■ **DATA**:
(* Let $C_0\ge1$. There exists a constant $C_1=C_1(C_0)\ge1$ such that for all $x_1,x_2>0$ and $\kappa_1,\kappa_2\in(0,1)$ satisfying $$\frac{x_1}{x_2},\ \frac{\kappa_1}{\kappa_2},\ \frac{1-\kappa_1}{1-\kappa_2}\in\Big[\frac1{C_0},C_0\Big],$$ we have $$\frac1{C_1}\le\frac{H_{\kappa_1}(x_1)-1}{H_{\kappa_2}(x_2)-1}\le C_1.$$
   Context: For $\kappa\in(0,1)$ let $G_\kappa:[1,\infty)\to[0,\infty)$, $G_\kappa(x)=\sqrt{x^2-1}-\kappa\ln(x+\sqrt{x^2-1})$ (a strictly increasing bijection) and $H_\kappa=G_\kappa^{-1}:[0,\infty)\to[1,\infty)$. *)

From Stdlib Require Import Reals Lra ClassicalEpsilon.
Open Scope R_scope.

Definition G (kappa x : R) : R :=
  sqrt (x ^ 2 - 1) - kappa * ln (x + sqrt (x ^ 2 - 1)).

(* H_kappa = G_kappa^{-1} : [0,oo) -> [1,oo): the (unique, since G_kappa is a
   strictly increasing bijection [1,oo) -> [0,oo) for kappa in (0,1))
   x >= 1 with G_kappa x = y, chosen by Hilbert's epsilon. *)
Definition H (kappa y : R) : R :=
  epsilon (inhabits 1) (fun x => 1 <= x /\ G kappa x = y).

From Stdlib Require Import Reals Lra ClassicalEpsilon.
From Coquelicot Require Import Coquelicot.
Open Scope R_scope.

(* C1 = 4 C0^4 works.  Substituting x = cosh u turns G_k into
   u |-> sinh u - k u = (1 - k) u + (sinh u - u), and H_k(y) - 1 into
   cosh u - 1.  With C = C0, if cosh u1 - 1 > 4 C^4 (cosh u2 - 1), then
   sinh u1 > 2 C^2 u2 (because sinh^2 >= 2 (cosh - 1) and cosh u - 1 >= u^2 / 2),
   and, since (sinh u - u) / (cosh u - 1) is increasing,
   sinh u1 - u1 >= 4 C^4 (sinh u2 - u2).  Both parts of G_k1 at u1 then exceed
   C times the corresponding parts of G_k2 at u2, which is incompatible with
   x1 <= C x2 once 1 - k2 <= C (1 - k1). *)

Lemma is_derive_nonneg_le (f df : R -> R) (a b : R) : a <= b ->
  (forall x, a <= x <= b -> is_derive f x (df x)) ->
  (forall x, a <= x <= b -> 0 <= df x) -> f a <= f b.
Proof.
  intros Hab Hd Hpos.
  destruct (MVT_gen f a b df) as [c [Hc Hmvt]];
    rewrite ?Rmin_left, ?Rmax_right in * by lra.
  - intros x Hx. apply Hd. lra.
  - intros x Hx. apply derivable_continuous_pt. exists (df x).
    apply is_derive_Reals, Hd. lra.
  - assert (0 <= df c * (b - a)) by (apply Rmult_le_pos; [apply Hpos |]; lra).
    lra.
Qed.

Lemma cosh_sqr_sub_sinh_sqr u : cosh u ^ 2 - sinh u ^ 2 = 1.
Proof. unfold cosh, sinh. rewrite exp_Ropp. field. apply exp_neq_0. Qed.

Lemma cosh_ge_1 u : 1 <= cosh u.
Proof.
  assert (0 < cosh u) by (unfold cosh; pose proof (exp_pos u); pose proof (exp_pos (- u)); lra).
  pose proof (cosh_sqr_sub_sinh_sqr u). nra.
Qed.

Lemma sinh_nonneg u : 0 <= u -> 0 <= sinh u.
Proof.
  intros [Hu | <-].
  - rewrite <- sinh_0. left. now apply sinh_lt.
  - rewrite sinh_0. lra.
Qed.

Lemma cosh_le u v : 0 <= u <= v -> cosh u <= cosh v.
Proof.
  intros Huv. apply (is_derive_nonneg_le cosh sinh); try lra.
  - intros x _. auto_derive; [easy | ring].
  - intros x Hx. apply sinh_nonneg. lra.
Qed.

Lemma id_le_sinh u : 0 <= u -> u <= sinh u.
Proof.
  intros Hu.
  enough (sinh 0 - 0 <= sinh u - u) by (rewrite sinh_0 in *; lra).
  apply (is_derive_nonneg_le (fun t => sinh t - t) (fun t => cosh t - 1)); auto.
  - intros x _. auto_derive; [easy | ring].
  - intros x _. pose proof (cosh_ge_1 x). lra.
Qed.

Lemma sqr_div_2_le_cosh_sub_1 u : 0 <= u -> u ^ 2 / 2 <= cosh u - 1.
Proof.
  intros Hu.
  enough (cosh 0 - 1 - 0 ^ 2 / 2 <= cosh u - 1 - u ^ 2 / 2) by (rewrite cosh_0 in *; lra).
  apply (is_derive_nonneg_le (fun t => cosh t - 1 - t ^ 2 / 2) (fun t => sinh t - t)); auto.
  - intros x _. auto_derive; [easy | field].
  - intros x Hx. pose proof (id_le_sinh x). lra.
Qed.

Lemma cosh_sub_1_pos u : 0 < u -> 0 < cosh u - 1.
Proof.
  intros Hu. pose proof (sqr_div_2_le_cosh_sub_1 u ltac:(lra)).
  assert (0 < u ^ 2) by (apply pow_lt; lra). lra.
Qed.

Lemma sinh_le_mul_cosh u : 0 <= u -> sinh u <= u * cosh u.
Proof.
  intros Hu.
  enough (0 * cosh 0 - sinh 0 <= u * cosh u - sinh u) by (rewrite sinh_0 in *; lra).
  apply (is_derive_nonneg_le (fun t => t * cosh t - sinh t) (fun t => t * sinh t)); auto.
  - intros x _. auto_derive; [easy | ring].
  - intros x Hx. pose proof (sinh_nonneg x). nra.
Qed.

Lemma cosh_sub_1_le_mul_sinh u : 0 <= u -> 2 * (cosh u - 1) <= u * sinh u.
Proof.
  intros Hu.
  enough (0 * sinh 0 - 2 * (cosh 0 - 1) <= u * sinh u - 2 * (cosh u - 1))
    by (rewrite sinh_0, cosh_0 in *; lra).
  apply (is_derive_nonneg_le (fun t => t * sinh t - 2 * (cosh t - 1))
                             (fun t => t * cosh t - sinh t)); auto.
  - intros x _. auto_derive; [easy | ring].
  - intros x Hx. pose proof (sinh_le_mul_cosh x). lra.
Qed.

Lemma sinh_sub_id_div_cosh_sub_1_le u v : 0 < u <= v ->
  (sinh u - u) / (cosh u - 1) <= (sinh v - v) / (cosh v - 1).
Proof.
  intros Huv.
  apply (is_derive_nonneg_le (fun t => (sinh t - t) / (cosh t - 1))
    (fun t => ((cosh t - 1) * (cosh t - 1) - (sinh t - t) * sinh t) / (cosh t - 1) ^ 2));
    try lra.
  - intros x Hx. pose proof (cosh_sub_1_pos x ltac:(lra)).
    auto_derive; [lra | field; lra].
  - (* by cosh^2 - sinh^2 = 1 the numerator equals x sinh x - 2 (cosh x - 1) *)
    intros x Hx. pose proof (cosh_sub_1_pos x ltac:(lra)).
    pose proof (cosh_sub_1_le_mul_sinh x ltac:(lra)).
    pose proof (cosh_sqr_sub_sinh_sqr x).
    apply Rdiv_le_0_compat; [nra | apply pow_lt; lra].
Qed.

Lemma sinh_sub_id_le_of_cosh_sub_1_le l u v : 0 <= l -> 0 < u <= v ->
  l * (cosh u - 1) <= cosh v - 1 -> l * (sinh u - u) <= sinh v - v.
Proof.
  intros Hl Huv Hcosh.
  pose proof (sinh_sub_id_div_cosh_sub_1_le u v Huv) as Hratio.
  pose proof (cosh_sub_1_pos u ltac:(lra)). pose proof (cosh_sub_1_pos v ltac:(lra)).
  pose proof (id_le_sinh u ltac:(lra)).
  set (qu := (sinh u - u) / (cosh u - 1)) in Hratio.
  set (qv := (sinh v - v) / (cosh v - 1)) in Hratio.
  assert (Eu : sinh u - u = qu * (cosh u - 1)) by (unfold qu; field; lra).
  assert (Ev : sinh v - v = qv * (cosh v - 1)) by (unfold qv; field; lra).
  assert (0 <= qu) by (apply Rdiv_le_0_compat; lra).
  rewrite Eu, Ev. apply Rle_trans with (qu * (cosh v - 1)).
  - rewrite <- Rmult_assoc, (Rmult_comm l), Rmult_assoc. now apply Rmult_le_compat_l.
  - apply Rmult_le_compat_r; lra.
Qed.

Lemma lt_sinh_of_cosh_sub_1_gt m u v : 0 <= m -> 0 <= u -> 0 <= v ->
  m ^ 2 * (cosh u - 1) < cosh v - 1 -> m * u < sinh v.
Proof.
  intros Hm Hu Hv Hlt.
  pose proof (sqr_div_2_le_cosh_sub_1 u Hu). pose proof (cosh_ge_1 v).
  pose proof (cosh_sqr_sub_sinh_sqr v). pose proof (sinh_nonneg v Hv).
  assert (Hsq : (m * u) ^ 2 < sinh v ^ 2) by nra.
  destruct (Rlt_or_le (m * u) (sinh v)) as [| Hge]; [easy |].
  assert (0 <= m * u) by nra. nra.
Qed.

Lemma sinh_sub_mul_id_ge k u : 0 <= k <= 1 -> 0 <= u ->
  ((1 - k) * sinh u + (sinh u - u)) / 2 <= sinh u - k * u.
Proof. intros Hk Hu. pose proof (id_le_sinh u Hu). nra. Qed.

Lemma sinh_sub_mul_id_gap C k1 k2 u1 u2 : 1 <= C -> 0 <= k1 < 1 -> 0 <= u1 -> 0 < u2 ->
  1 - k2 <= C * (1 - k1) ->
  4 * C ^ 4 * (cosh u2 - 1) < cosh u1 - 1 ->
  C * (sinh u2 - k2 * u2) < sinh u1 - k1 * u1.
Proof.
  intros HC Hk1 Hu1 Hu2 Hk Hcosh.
  assert (HC4 : C <= 2 * C ^ 4).
  { assert (1 <= C ^ 3) by (rewrite <- (pow1 3); apply pow_incr; lra). simpl in *. nra. }
  pose proof (cosh_sub_1_pos u2 Hu2).
  assert (Hu12 : u2 <= u1).
  { destruct (Rle_or_lt u2 u1) as [| Hlt]; [easy |].
    pose proof (cosh_le u1 u2 ltac:(lra)). nra. }
  assert (Hsinh : 2 * C ^ 2 * u2 < sinh u1).
  { apply (lt_sinh_of_cosh_sub_1_gt (2 * C ^ 2)); [| lra | lra |].
    - pose proof (pow_le C 2 ltac:(lra)). lra.
    - replace ((2 * C ^ 2) ^ 2) with (4 * C ^ 4) by ring. lra. }
  assert (Hexcess : 4 * C ^ 4 * (sinh u2 - u2) <= sinh u1 - u1).
  { apply sinh_sub_id_le_of_cosh_sub_1_le; [| lra | lra].
    pose proof (pow_le C 4 ltac:(lra)). lra. }
  pose proof (sinh_sub_mul_id_ge k1 u1 ltac:(lra) Hu1).
  pose proof (id_le_sinh u2 ltac:(lra)).
  assert (C * ((1 - k2) * u2) <= C ^ 2 * (1 - k1) * u2).
  { replace (C ^ 2 * (1 - k1) * u2) with (C * (C * (1 - k1) * u2)) by ring.
    apply Rmult_le_compat_l; [lra |]. apply Rmult_le_compat_r; lra. }
  assert ((1 - k1) * (2 * C ^ 2 * u2) < (1 - k1) * sinh u1)
    by (apply Rmult_lt_compat_l; lra).
  assert (C * (sinh u2 - u2) <= 2 * C ^ 4 * (sinh u2 - u2))
    by (apply Rmult_le_compat_r; lra).
  lra.
Qed.

Definition arcosh x := ln (x + sqrt (x ^ 2 - 1)).

Lemma arcosh_nonneg x : 1 <= x -> 0 <= arcosh x.
Proof.
  intros Hx. unfold arcosh. rewrite <- ln_1. apply ln_le; [lra |].
  pose proof (sqrt_pos (x ^ 2 - 1)). lra.
Qed.

Lemma cosh_arcosh x : 1 <= x -> cosh (arcosh x) = x.
Proof.
  intros Hx. unfold cosh, arcosh.
  set (r := sqrt (x ^ 2 - 1)).
  assert (Hr : r ^ 2 = x ^ 2 - 1) by (apply pow2_sqrt; nra).
  assert (0 <= r) by apply sqrt_pos.
  assert (Hinv : / (x + r) = x - r).
  { apply (Rmult_eq_reg_l (x + r)); [rewrite Rinv_r by lra; nra | lra]. }
  rewrite exp_Ropp, exp_ln, Hinv by lra. field.
Qed.

Lemma G_cosh k u : 0 <= u -> G k (cosh u) = sinh u - k * u.
Proof.
  intros Hu. unfold G.
  replace (cosh u ^ 2 - 1) with (sinh u ^ 2) by (pose proof (cosh_sqr_sub_sinh_sqr u); lra).
  rewrite sqrt_pow2 by (now apply sinh_nonneg).
  replace (cosh u + sinh u) with (exp u) by (unfold cosh, sinh; field).
  now rewrite ln_exp.
Qed.

Lemma exists_sinh_sub_mul_eq k y : k < 1 -> 0 <= y ->
  exists u, 0 <= u /\ sinh u - k * u = y.
Proof.
  intros Hk Hy.
  (* at M, sinh M - k M >= (1 - k) M = y + (1 - k) *)
  set (M := y / (1 - k) + 1).
  assert (HM : 0 < M) by (unfold M; assert (0 <= y / (1 - k)) by (apply Rdiv_le_0_compat; lra); lra).
  assert (HyM : y <= sinh M - k * M).
  { pose proof (id_le_sinh M ltac:(lra)).
    assert ((1 - k) * M = y + (1 - k)) by (unfold M; field; lra). nra. }
  destruct (IVT_gen (fun t => sinh t - k * t) 0 M y) as [u [Hu Heq]].
  - intros t. apply continuity_pt_filterlim, (ex_derive_continuous (fun t => sinh t - k * t)).
    auto_derive. easy.
  - rewrite sinh_0, Rmin_left, Rmax_right; lra.
  - exists u. rewrite Rmin_left, Rmax_right in Hu by lra. split; [lra | exact Heq].
Qed.

Lemma H_cosh k y : k < 1 -> 0 < y ->
  exists u, 0 < u /\ H k y = cosh u /\ sinh u - k * u = y.
Proof.
  intros Hk Hy.
  assert (Hex : exists x, 1 <= x /\ G k x = y).
  { destruct (exists_sinh_sub_mul_eq k y Hk ltac:(lra)) as [u [Hu Heq]].
    exists (cosh u). split; [apply cosh_ge_1 | now rewrite G_cosh]. }
  (* H k y is just some preimage chosen by epsilon. *)
  destruct (epsilon_spec (inhabits 1) (fun x => 1 <= x /\ G k x = y) Hex) as [H1 HG].
  fold (H k y) in H1, HG.
  pose proof (arcosh_nonneg (H k y) H1) as Hu.
  set (u := arcosh (H k y)) in Hu.
  assert (Hc : cosh u = H k y) by now apply cosh_arcosh.
  rewrite <- Hc, G_cosh in HG by easy.
  exists u. split; [| split; easy].
  destruct Hu as [| Hu0]; [easy |].
  rewrite <- Hu0, sinh_0 in HG. lra.
Qed.

Lemma div_bounds_iff C a b : 0 < C -> 0 < b ->
  / C <= a / b <= C <-> b <= C * a /\ a <= C * b.
Proof.
  intros HC Hb.
  assert (Hmul : forall m s t, 0 < m -> s <= t <-> s * m <= t * m)
    by (intros; split; intros; [apply Rmult_le_compat_r | apply (Rmult_le_reg_r m)]; lra).
  replace a with (a / b * b) at 3 4 by (field; lra).
  rewrite (Hmul C (/ C)), Rinv_l, (Hmul b 1), (Hmul b (a / b) C) by lra.
  replace (a / b * C * b) with (C * (a / b * b)) by ring. lra.
Qed.

Theorem lemma2p11 (C0 : R) (HC0 : 1 <= C0) :
  exists C1 : R, 1 <= C1 /\
    forall x1 x2 k1 k2 : R,
      0 < x1 -> 0 < x2 -> 0 < k1 < 1 -> 0 < k2 < 1 ->
      / C0 <= x1 / x2 <= C0 ->
      / C0 <= k1 / k2 <= C0 ->
      / C0 <= (1 - k1) / (1 - k2) <= C0 ->
      / C1 <= (H k1 x1 - 1) / (H k2 x2 - 1) <= C1.
Proof.
  assert (HL : 1 <= 4 * C0 ^ 4).
  { assert (1 <= C0 ^ 4) by (rewrite <- (pow1 4); apply pow_incr; lra). lra. }
  exists (4 * C0 ^ 4). split; [exact HL |].
  intros x1 x2 k1 k2 Hx1 Hx2 Hk1 Hk2 Hx _ Hs.
  destruct (H_cosh k1 x1 ltac:(lra) Hx1) as [u1 [Hu1 [-> Hy1]]].
  destruct (H_cosh k2 x2 ltac:(lra) Hx2) as [u2 [Hu2 [-> Hy2]]].
  apply div_bounds_iff in Hx as [Hx21 Hx12]; [| lra | lra].
  apply div_bounds_iff in Hs as [Hs21 Hs12]; [| lra | lra].
  apply div_bounds_iff; [lra | now apply cosh_sub_1_pos |].
  split; apply Rnot_lt_le; intros Hgap.
  - apply (sinh_sub_mul_id_gap C0 k2 k1 u2 u1) in Hgap; [| lra ..].
    rewrite Hy1, Hy2 in Hgap. lra.
  - apply (sinh_sub_mul_id_gap C0 k1 k2 u1 u2) in Hgap; [| lra ..].
    rewrite Hy1, Hy2 in Hgap. lra.
Qed.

■ **ABOUT THIS EXERCISE**:
Find where the line with "auto_derive. easy." sits in the material above, then copy exactly from it through the line with "exists (cosh u).". Add no other line.

■ **COMPLETED EXERCISE**:
    auto_derive. easy.
  - rewrite sinh_0, Rmin_left, Rmax_right; lra.
  - exists u. rewrite Rmin_left, Rmax_right in Hu by lra. split; [lra | exact Heq].
Qed.

Lemma H_cosh k y : k < 1 -> 0 < y ->
  exists u, 0 < u /\ H k y = cosh u /\ sinh u - k * u = y.
Proof.
  intros Hk Hy.
  assert (Hex : exists x, 1 <= x /\ G k x = y).
  { destruct (exists_sinh_sub_mul_eq k y Hk ltac:(lra)) as [u [Hu Heq]].
    exists (cosh u). split; [apply cosh_ge_1 | now rewrite G_cosh]. }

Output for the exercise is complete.